FIG. 2D is a diagram presenting an underside view of the invented smart cap of FIG. 1.

FIG. 2E is a diagram presenting a side view of the invented smart cap of FIG. 1.

FIG. 2F is a diagram of the invented smart cap of FIG. 1, from below and to one side.

FIG. 2G is a diagram of the invented smart cap of FIG. 1, in an exploded view as viewed from below and to one side.

FIG. 2H is a diagram presenting a cutaway view of the invented smart cap of FIG. 1.

FIG. 2I is a diagram presenting a side view of the invented smart cap of FIG. 1, with the interior mechanisms visible.

FIG. 3A is a diagram presenting the one way snap fit assembly of the invented smart cap of FIG. 1 in a non-interlocked state wherein the cap cannot be opened.

FIG. 3B is a diagram presenting the one way snap fit assembly of the invented smart cap of FIG. 1 in an interlocked state wherein the cap can be opened.

FIG. 3C is a diagram demonstrating a turning direction of the cap of FIG. 1 for uncoupling with the container of FIG. 1.

FIG. 4A is a diagram presenting a side view of the invented smart cap of FIG. 1, with the interior mechanisms visible and in a disengaged position.

FIG. 4B is a detail from the diagram of FIG. 4A.

FIG. 4C is a diagram presenting a side view of the invented smart cap of FIG. 1, with the interior mechanisms visible and in an engaged position.

FIG. 4D is a detail from the diagram of FIG. 4B.

FIG. 5A is a diagram of the invented cap of FIG. 1 equipped with an alphanumeric keypad for controlling access.

FIG. 5B is a diagram of the invented cap of FIG. 1 equipped with a biometric sensor for controlling access.

FIG. 5C is a diagram of the invented cap of FIG. 1 equipped with a push-button for controlling access.

FIG. 5D is a diagram of the invented cap of FIG. 1 equipped with a touch-pad for controlling access.

FIG. 6 is a block diagram of the smart module of FIG. 2C.

FIG. 7 is a block diagram of the operating device of FIG. 1.

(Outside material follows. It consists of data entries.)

(* Let $\lambda$ be a partition of $n$ with largest part $\lambda_1$, and let $m\ge n-(\lambda_1-1)$. Then there is a bijection between $\mathrm{QYT}_{\le m}(\lambda)$ and the set $\mathrm{SYT}(\lambda)$ of standard Young tableaux of shape $\lambda$; in particular $|\mathrm{QYT}_{\le m}(\lambda)|=|\mathrm{SYT}(\lambda)|$.
   Context: A partition $\lambda=(\lambda_1\ge\lambda_2\ge\cdots\ge\lambda_k>0)$ of $n$ has length $\ell(\lambda)=k$ and size $n=\sum_i\lambda_i$. Its (French) Young diagram has $\lambda_j$ left-justified boxes in row $j$, rows numbered from bottom to top. A semistandard Young tableau (SSYT) of shape $\lambda$ is a filling of the boxes with positive integers that weakly increase from left to right along rows and strictly increase from bottom to top along columns. A standard Young tableau of shape $\lambda$ is an SSYT using each of $1,\dots,n$ exactly once. An SSYT $T$ is quasi-Yamanouchi if for every integer $i>1$ that appears in $T$, the leftmost occurrence of $i$ lies in a column weakly left of (i.e. with column index $\le$ that of) some occurrence of $i-1$ in $T$. $\mathrm{QYT}_{\le m}(\lambda)$ denotes the set of quasi-Yamanouchi tableaux of shape $\lambda$ all of whose entries are at most $m$. *)

From mathcomp Require Import all_boot.
Set Implicit Arguments. Unset Strict Implicit. Unset Printing Implicit Defensive.

Definition is_partition (la : seq nat) : bool :=
  sorted geq la && all (fun p => 0 < p) la.

(* A tableau (French convention) is a sequence of rows, row 0 being the
   bottom row; the entry in row r and column c is [entry T r c]. *)
Definition tableau := seq (seq nat).

Definition entry (T : tableau) (r c : nat) : nat := nth 0 (nth [::] T r) c.

Definition has_shape (la : seq nat) (T : tableau) : bool :=
  map size T == la.

Definition is_box (T : tableau) (r c : nat) : Prop :=
  r < size T /\ c < size (nth [::] T r).

Definition is_SSYT (la : seq nat) (T : tableau) : Prop :=
  [/\ has_shape la T,
      (forall r c, is_box T r c -> 0 < entry T r c),
      (forall r c, is_box T r c.+1 -> entry T r c <= entry T r c.+1) &
      (forall r c, is_box T r.+1 c -> entry T r c < entry T r.+1 c)].

Definition is_SYT (la : seq nat) (T : tableau) : Prop :=
  is_SSYT la T /\ perm_eq (flatten T) (iota 1 (sumn la)).

Definition appears (T : tableau) (i : nat) : Prop :=
  exists r c, is_box T r c /\ entry T r c = i.

Definition is_quasi_yamanouchi (T : tableau) : Prop :=
  forall i, 1 < i -> appears T i ->
    exists r c,
      [/\ is_box T r c, entry T r c = i,
          (forall r2 c2, is_box T r2 c2 -> entry T r2 c2 = i -> c <= c2) &
          exists r' c', [/\ is_box T r' c', entry T r' c' = i.-1 & c <= c']].

Definition is_QYT_le (m : nat) (la : seq nat) (T : tableau) : Prop :=
  [/\ is_SSYT la T, is_quasi_yamanouchi T &
      (forall r c, is_box T r c -> entry T r c <= m)].

From mathcomp Require Import all_boot zify.
From Stdlib Require Import ProofIrrelevance.
Set Implicit Arguments. Unset Strict Implicit. Unset Printing Implicit Defensive.
Lemma pow_coef0 x z n : pow_coef x z n 0 = x ^^ n.+1.
Proof. by elim: n => [//|n /= ->]; rewrite addr0. Qed.

Lemma pow_coef_top x z n : pow_coef x z n n.+1 = z ^^ n.+1.
Proof. by elim: n => [//|n /= ->]; rewrite pow_coef_gt // bmulr0 add0r. Qed.

Lemma apow_pencil x z (t : R) n :
  (x + t *: z) ^^ n.+1 = \sum_(j < n.+2) t ^+ j *: pow_coef x z n j.
Proof.
elim: n => [|n IHn].
  by rewrite !big_ord_recr big_ord0 /= expr0 expr1 scale1r add0r.
rewrite apowS IHn bmulDl !bmul_sumr /=.
under [in RHS]eq_bigr do rewrite scalerDr.
rewrite big_split /=; congr (_ + _).
  rewrite [in RHS]big_ord_recr /= pow_coef_gt // bmulr0 scaler0 addr0.
  by apply: eq_bigr => j _; rewrite bmulZr.
rewrite [in RHS]big_ord_recl /= scaler0 add0r.
by apply: eq_bigr => j _; rewrite bmulZl bmulZr scalerA -exprS.
Qed.

Lemma pow_coef1_center x z n : Z x -> pow_coef x z n.+1 1 = n.+2%:R *: mul (x ^^ n.+1) z.
Proof.
move=> Zx; elim: n => [|n IHn]; first by rewrite /= (Zx z) scaler_nat mulr2n.
rewrite pow_coefS IHn pow_coef0 bmulZr bmulA -apowS -(center_apow n.+2 Zx z).
by rewrite -[n.+3]addn1 natrD [in RHS]scalerDl scale1r.
Qed.

Lemma pow_coef1_nil x z m n : x ^^ m.+2 = 0 ->
  mul (x ^^ m.+1) (pow_coef x z n.+1 1) = mul (mul (x ^^ m.+1) z) (x ^^ n.+1).
Proof.
move=> xm0; rewrite pow_coefS pow_coef0 bmulDr !bmulA -apowSr xm0.
by rewrite bmul0r add0r.
Qed.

FIG. 8 is a flow chart regarding unlocking the cap, from the perspective of the invented smart cap of FIG. 1.

FIG. 9 is a flow chart regarding unlocking the cap, from the perspective of the operating device of FIG. 1.

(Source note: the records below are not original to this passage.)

(* For every integer $n\ge 0$ with $n+k>0$ and every $x\in\mathbb{R}$, $$\Big(1-\frac{k^2}{(n+k)^2}\Big)E_n^k(x)=E_{-n}^k(-x)-\frac{k}{n+k}\,E_{-n}^k(x).$$
   Context: Fix $k\ge 0$. Partial order on $\mathbb{Z}$: $j\triangleleft n$ iff either ($|j|<|n|$ and $|n|-|j|$ is a positive even integer) or ($|j|=|n|$ and $n<j$). Let $\delta_k(x)=|2\sin x|^{2k}$ and $(f,g)_k=\frac{1}{2\pi}\int_0^{2\pi} f(x)\overline{g(x)}\delta_k(x)\,dx$. The non-symmetric Heckman–Opdam polynomials $E_n^k$, $n\in\mathbb{Z}$, are the functions on $\mathbb{R}$ of the form $E_n^k(x)=e^{nx}+\sum_{j\triangleleft n}c_{n,j}e^{jx}$ (finite sum) such that $(E_n^k(i\,\cdot),e^{ij\,\cdot})_k=0$ for all $j\triangleleft n$. *)

From Stdlib Require Import Reals ZArith List.
From Coquelicot Require Import Coquelicot.
Open Scope R_scope.

Definition tri (j n : Z) : bool :=
  ((Z.abs j <? Z.abs n)%Z && Z.even (Z.abs n - Z.abs j))
  || ((Z.abs j =? Z.abs n)%Z && (n <? j)%Z).

(* The (finite) list of all j with j ◁ n; all such j satisfy |j| <= |n|. *)
Definition below (n : Z) : list Z :=
  filter (fun j => tri j n)
    (map (fun m => (Z.of_nat m - Z.abs n)%Z)
         (seq 0 (2 * Z.to_nat (Z.abs n) + 1))).

Definition Csum (l : list Z) (f : Z -> C) : C :=
  fold_right (fun j acc => Cplus (f j) acc) (RtoC 0) l.

(* a^b for a >= 0 with the convention 0^0 = 1, 0^b = 0 for b <> 0. *)
Definition rpow (a b : R) : R :=
  if Rle_dec a 0 then (if Req_EM_T b 0 then 1 else 0) else Rpower a b.

Definition delta (k x : R) : R := rpow (Rabs (2 * sin x)) (2 * k).

Definition cis (t : R) : C := (cos t, sin t).

Definition ip (k : R) (f g : R -> C) : C :=
  Cmult (RtoC (/ (2 * PI)))
    (RInt (V := C_R_CompleteNormedModule)
       (fun x => Cmult (Cmult (f x) (Cconj (g x))) (RtoC (delta k x))) 0 (2 * PI)).

(* E is the non-symmetric Heckman–Opdam polynomial E_n^k :
   E(x) = e^{nx} + sum_{j ◁ n} c_j e^{jx}, and (E(i.), e^{ij.})_k = 0 for j ◁ n. *)
Definition IsHO (k : R) (n : Z) (E : R -> C) : Prop :=
  exists c : Z -> C,
    (forall x, E x = Cplus (RtoC (exp (IZR n * x)))
                           (Csum (below n) (fun j => Cmult (c j) (RtoC (exp (IZR j * x)))))) /\
    (forall j, tri j n = true ->
       ip k (fun t => Cplus (cis (IZR n * t))
                            (Csum (below n) (fun l => Cmult (c l) (cis (IZR l * t)))))
            (fun t => cis (IZR j * t)) = RtoC 0).

(* For n > 0, expand E_n^k and E_{-n}^k in the exponentials e^{jx}, |j| <= n.  On such
   coefficient vectors (f, g)_k is the Gram form of the moments
   mu_m = (1/2pi) int cos(mt) delta_k(t) dt, which are even in m and satisfy
   (2k+1+m) mu_{m+1} + (2k+1-m) mu_{m-1} = 0.  This recurrence makes a triangular
   Cherednik-type operator D symmetric for the form.  E = E_n^k is an eigenvector of D up
   to terms lower for the order, and comparing (D R, E) with (R, D E) for the reflection
   R(x) = E(-x) gives (n+k) (R, e^n) + k (E, e^n) = 0.  So R + k/(n+k) E has leading term
   e^{-nx} and is orthogonal to every e^{jx} with j below -n; the form being positive
   definite, it equals E_{-n}^k, and the theorem is this identity evaluated at -x and x. *)

From Stdlib Require Import Reals ZArith List Bool Lra Lia Permutation FunctionalExtensionality.
From Coquelicot Require Import Coquelicot.
Open Scope R_scope.
Local Open Scope bool_scope.

Ltac Cnorm := repeat progress rewrite ?plus_IZR, ?minus_IZR, ?opp_IZR, ?mult_IZR,
  ?RtoC_plus, ?RtoC_minus, ?RtoC_mult, ?RtoC_opp.

Ltac zsplit :=
  match goal with
  | |- context [Z.eqb ?a ?b] => destruct (Z.eqb_spec a b)
  | |- context [Z.ltb ?a ?b] => destruct (Z.ltb_spec a b)
  | |- context [Z.leb ?a ?b] => destruct (Z.leb_spec a b)
  end.

Ltac zdecide :=
  rewrite ?Zeven_mod;
  repeat (zsplit; cbn [andb orb negb]; try (intros ?; discriminate);
          try (exfalso; Z.to_euclidean_division_equations; lia));
  intros.

Lemma C_eq_opp_0 (z : C) : z = (- z)%C -> z = RtoC 0.
Proof.
  destruct z as [a b]. unfold Copp. simpl. intros H. injection H as Ha Hb.
  apply injective_projections; simpl; lra.
Qed.

Lemma C_eq_of_plus_0 (x y z : C) : z = RtoC 0 -> x = (y + z)%C -> x = y.
Proof. intros -> ->. ring. Qed.

Lemma Csub_eq_0 (x y : C) : x = y -> (x - y)%C = RtoC 0.
Proof. intros ->. ring. Qed.

Lemma C_double_eq_0 (z : C) : (RtoC 2 * z)%C = RtoC 0 -> z = RtoC 0.
Proof.
  destruct z as [a b]. unfold Cmult. simpl. intros H. injection H as Ha Hb.
  apply injective_projections; simpl; lra.
Qed.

FIG. 10 is a flow chart regarding gathering and transmitting sensor data, from the perspective of the invented smart cap of FIG. 1.

FIG. 11 is a flow chart regarding receiving and logging sensor data, from the perspective of the operating device of FIG. 1.

DETAILED DESCRIPTION OF DRAWINGS

In the following detailed description of the invention, numerous details, examples, and embodiments of the invention are described. However, it will be clear and apparent to one skilled in the art that the invention is not limited to the embodiments set forth and that the invention can be adapted for any of several applications.

It is to be understood that this invention is not limited to particular aspects of the present invention described, as such may, of course, vary. It is also to be understood that the terminology used herein is for the purpose of describing particular aspects only, and is not intended to be limiting, since the scope of the present invention will be limited only by the appended claims. Methods recited herein may be carried out in any order of the recited events which is logically possible, as well as the recited order of events.

Where a range of values is provided herein, it is understood that each intervening value, to the tenth of the unit of the lower limit unless the context clearly dictates otherwise, between the upper and lower limit of that range and any other stated or intervening value in that stated range, is encompassed within the invention. The upper and lower limits of these smaller ranges may independently be included in the smaller ranges and are also encompassed within the invention, subject to any specifically excluded limit in the stated range. Where the stated range includes one or both of the limits ranges excluding either or both of those included limits are also included in the invention.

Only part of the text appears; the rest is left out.